● **Records to use**
(* If $S$ and $T$ are infinite monoids, then the direct product $S\times T$ is not $U(\mathrm{CF})$.
   Context: For a monoid $M$ generated by a finite set $A$, $\mathrm{WP}(M,A)=\{u\#v^{\mathrm{rev}} : u,v\in A^*,\ u=_M v\}$, where $\#\notin A$ and $v^{\mathrm{rev}}$ is the reversal of $v$. A monoid is $U(\mathrm{CF})$ if it is finitely generated and its word problem with respect to some (equivalently any) finite generating set is context-free. *)

From Stdlib Require Import List.
From mathcomp Require Import all_boot.
Set Implicit Arguments. Unset Strict Implicit. Unset Printing Implicit Defensive.

Record monoid := Monoid {
  mcarrier :> Type;
  mmul : mcarrier -> mcarrier -> mcarrier;
  mone : mcarrier;
  mmulA : forall x y z, mmul x (mmul y z) = mmul (mmul x y) z;
  mmul1 : forall x, mmul mone x = x;
  mmulm1 : forall x, mmul x mone = x }.

Definition prod_monoid (S T : monoid) : monoid.
Proof.
refine (@Monoid (S * T)%type
  (fun p q => (mmul p.1 q.1, mmul p.2 q.2)) (mone S, mone T) _ _ _).
- by move=> [a b] [c d] [e f] /=; rewrite !mmulA.
- by move=> [a b] /=; rewrite !mmul1.
- by move=> [a b] /=; rewrite !mmulm1.
Defined.

Definition infinite_monoid (M : monoid) : Prop :=
  ~ exists s : list M, forall x : M, List.In x s.

Definition eval_word (M : monoid) (A : Type) (gen : A -> M) (w : seq A) : M :=
  foldr (fun a m => mmul (gen a) m) (mone M) w.

Definition generates (M : monoid) (A : Type) (gen : A -> M) : Prop :=
  forall x : M, exists w : seq A, eval_word gen w = x.

(* The word problem WP(M,A) = { u # rev v : u =_M v }, over the alphabet
   option A, where None plays the role of the fresh symbol #. *)
Definition word_problem (M : monoid) (A : Type) (gen : A -> M)
  (w : seq (option A)) : Prop :=
  exists u v : seq A, eval_word gen u = eval_word gen v /\
    w = map Some u ++ None :: map Some (rev v).

Record cfg (Sigma : finType) := CFG {
  nonterm : finType;
  rules : seq (nonterm * seq (nonterm + Sigma));
  start : nonterm }.

Definition derive1 (Sigma : finType) (G : cfg Sigma)
  (u v : seq (nonterm G + Sigma)) : Prop :=
  exists (x y : seq (nonterm G + Sigma)) (X : nonterm G) rhs,
    (X, rhs) \in rules G /\ u = x ++ inl X :: y /\ v = x ++ rhs ++ y.

Inductive derives (Sigma : finType) (G : cfg Sigma) :
  seq (nonterm G + Sigma) -> seq (nonterm G + Sigma) -> Prop :=
| derives_refl u : @derives Sigma G u u
| derives_step u v w : @derive1 Sigma G u v -> @derives Sigma G v w -> @derives Sigma G u w.

Definition cfg_lang (Sigma : finType) (G : cfg Sigma) (w : seq Sigma) : Prop :=
  @derives Sigma G [:: inl (start G)] (map inr w).

Definition context_free (Sigma : finType) (L : seq Sigma -> Prop) : Prop :=
  exists G : cfg Sigma, forall w, L w <-> cfg_lang G w.

Definition UCF (M : monoid) : Prop :=
  exists (A : finType) (gen : A -> M),
    injective gen /\ generates gen /\
    context_free (word_problem gen).

From Stdlib Require Import Classical IndefiniteDescription.
From mathcomp Require Import all_boot zify.
Set Implicit Arguments. Unset Strict Implicit. Unset Printing Implicit Defensive.

(* Suppose a grammar generates WP(S x T, A). Take words al, be of length n over A that are
   geodesic for the S- and for the T-component, replace each letter of al by a word
   representing only its S-component and each letter of be by one representing only its
   T-component; writing al', be' for the results, al'be' # rev (be'al') is in the word
   problem. For n large, a pumping lemma in which the two pumped pieces must start and end at
   the same (block, offset) positions produces another member of the word problem, obtained
   by deleting whole letter blocks inside a window of fewer than n blocks. Such a window
   misses one of the two copies of al, so that copy survives, and geodesicity then forces the
   other copy to survive too; likewise for be. Hence nothing was deleted, a contradiction. *)

(** * Sequences *)

Lemma cat_eq_cat_cons (T : Type) (a b x y : seq T) e : a ++ b = x ++ e :: y ->
  (exists2 y1, a = x ++ e :: y1 & y = y1 ++ b) \/
  (exists2 x2, x = a ++ x2 & b = x2 ++ e :: y).
Proof.
elim: a x => [|c a IHa] x; first by right; exists x.
case: x => [|d x] [-> Eab]; first by left; exists a; rewrite // Eab.
by case: (IHa _ Eab) => [[y1 -> ->]|[x2 -> ->]]; [left; exists y1 | right; exists x2].
Qed.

● **Task item**
Using the exact wording, write out all of the records.

● **Task solution**
(* If $S$ and $T$ are infinite monoids, then the direct product $S\times T$ is not $U(\mathrm{CF})$.
   Context: For a monoid $M$ generated by a finite set $A$, $\mathrm{WP}(M,A)=\{u\#v^{\mathrm{rev}} : u,v\in A^*,\ u=_M v\}$, where $\#\notin A$ and $v^{\mathrm{rev}}$ is the reversal of $v$. A monoid is $U(\mathrm{CF})$ if it is finitely generated and its word problem with respect to some (equivalently any) finite generating set is context-free. *)

From Stdlib Require Import List.
From mathcomp Require Import all_boot.
Set Implicit Arguments. Unset Strict Implicit. Unset Printing Implicit Defensive.

Record monoid := Monoid {
  mcarrier :> Type;
  mmul : mcarrier -> mcarrier -> mcarrier;
  mone : mcarrier;
  mmulA : forall x y z, mmul x (mmul y z) = mmul (mmul x y) z;
  mmul1 : forall x, mmul mone x = x;
  mmulm1 : forall x, mmul x mone = x }.

Definition prod_monoid (S T : monoid) : monoid.
Proof.
refine (@Monoid (S * T)%type
  (fun p q => (mmul p.1 q.1, mmul p.2 q.2)) (mone S, mone T) _ _ _).
- by move=> [a b] [c d] [e f] /=; rewrite !mmulA.
- by move=> [a b] /=; rewrite !mmul1.
- by move=> [a b] /=; rewrite !mmulm1.
Defined.

Definition infinite_monoid (M : monoid) : Prop :=
  ~ exists s : list M, forall x : M, List.In x s.

Definition eval_word (M : monoid) (A : Type) (gen : A -> M) (w : seq A) : M :=
  foldr (fun a m => mmul (gen a) m) (mone M) w.

Definition generates (M : monoid) (A : Type) (gen : A -> M) : Prop :=
  forall x : M, exists w : seq A, eval_word gen w = x.

(* The word problem WP(M,A) = { u # rev v : u =_M v }, over the alphabet
   option A, where None plays the role of the fresh symbol #. *)
Definition word_problem (M : monoid) (A : Type) (gen : A -> M)
  (w : seq (option A)) : Prop :=
  exists u v : seq A, eval_word gen u = eval_word gen v /\
    w = map Some u ++ None :: map Some (rev v).

Record cfg (Sigma : finType) := CFG {
  nonterm : finType;
  rules : seq (nonterm * seq (nonterm + Sigma));
  start : nonterm }.

Definition derive1 (Sigma : finType) (G : cfg Sigma)
  (u v : seq (nonterm G + Sigma)) : Prop :=
  exists (x y : seq (nonterm G + Sigma)) (X : nonterm G) rhs,
    (X, rhs) \in rules G /\ u = x ++ inl X :: y /\ v = x ++ rhs ++ y.

Inductive derives (Sigma : finType) (G : cfg Sigma) :
  seq (nonterm G + Sigma) -> seq (nonterm G + Sigma) -> Prop :=
| derives_refl u : @derives Sigma G u u
| derives_step u v w : @derive1 Sigma G u v -> @derives Sigma G v w -> @derives Sigma G u w.

Definition cfg_lang (Sigma : finType) (G : cfg Sigma) (w : seq Sigma) : Prop :=
  @derives Sigma G [:: inl (start G)] (map inr w).

Definition context_free (Sigma : finType) (L : seq Sigma -> Prop) : Prop :=
  exists G : cfg Sigma, forall w, L w <-> cfg_lang G w.

Definition UCF (M : monoid) : Prop :=
  exists (A : finType) (gen : A -> M),
    injective gen /\ generates gen /\
    context_free (word_problem gen).

From Stdlib Require Import Classical IndefiniteDescription.
From mathcomp Require Import all_boot zify.
Set Implicit Arguments. Unset Strict Implicit. Unset Printing Implicit Defensive.

(* Suppose a grammar generates WP(S x T, A). Take words al, be of length n over A that are
   geodesic for the S- and for the T-component, replace each letter of al by a word
   representing only its S-component and each letter of be by one representing only its
   T-component; writing al', be' for the results, al'be' # rev (be'al') is in the word
   problem. For n large, a pumping lemma in which the two pumped pieces must start and end at
   the same (block, offset) positions produces another member of the word problem, obtained
   by deleting whole letter blocks inside a window of fewer than n blocks. Such a window
   misses one of the two copies of al, so that copy survives, and geodesicity then forces the
   other copy to survive too; likewise for be. Hence nothing was deleted, a contradiction. *)

(** * Sequences *)

Lemma cat_eq_cat_cons (T : Type) (a b x y : seq T) e : a ++ b = x ++ e :: y ->
  (exists2 y1, a = x ++ e :: y1 & y = y1 ++ b) \/
  (exists2 x2, x = a ++ x2 & b = x2 ++ e :: y).
Proof.
elim: a x => [|c a IHa] x; first by right; exists x.
case: x => [|d x] [-> Eab]; first by left; exists a; rewrite // Eab.
by case: (IHa _ Eab) => [[y1 -> ->]|[x2 -> ->]]; [left; exists y1 | right; exists x2].
Qed.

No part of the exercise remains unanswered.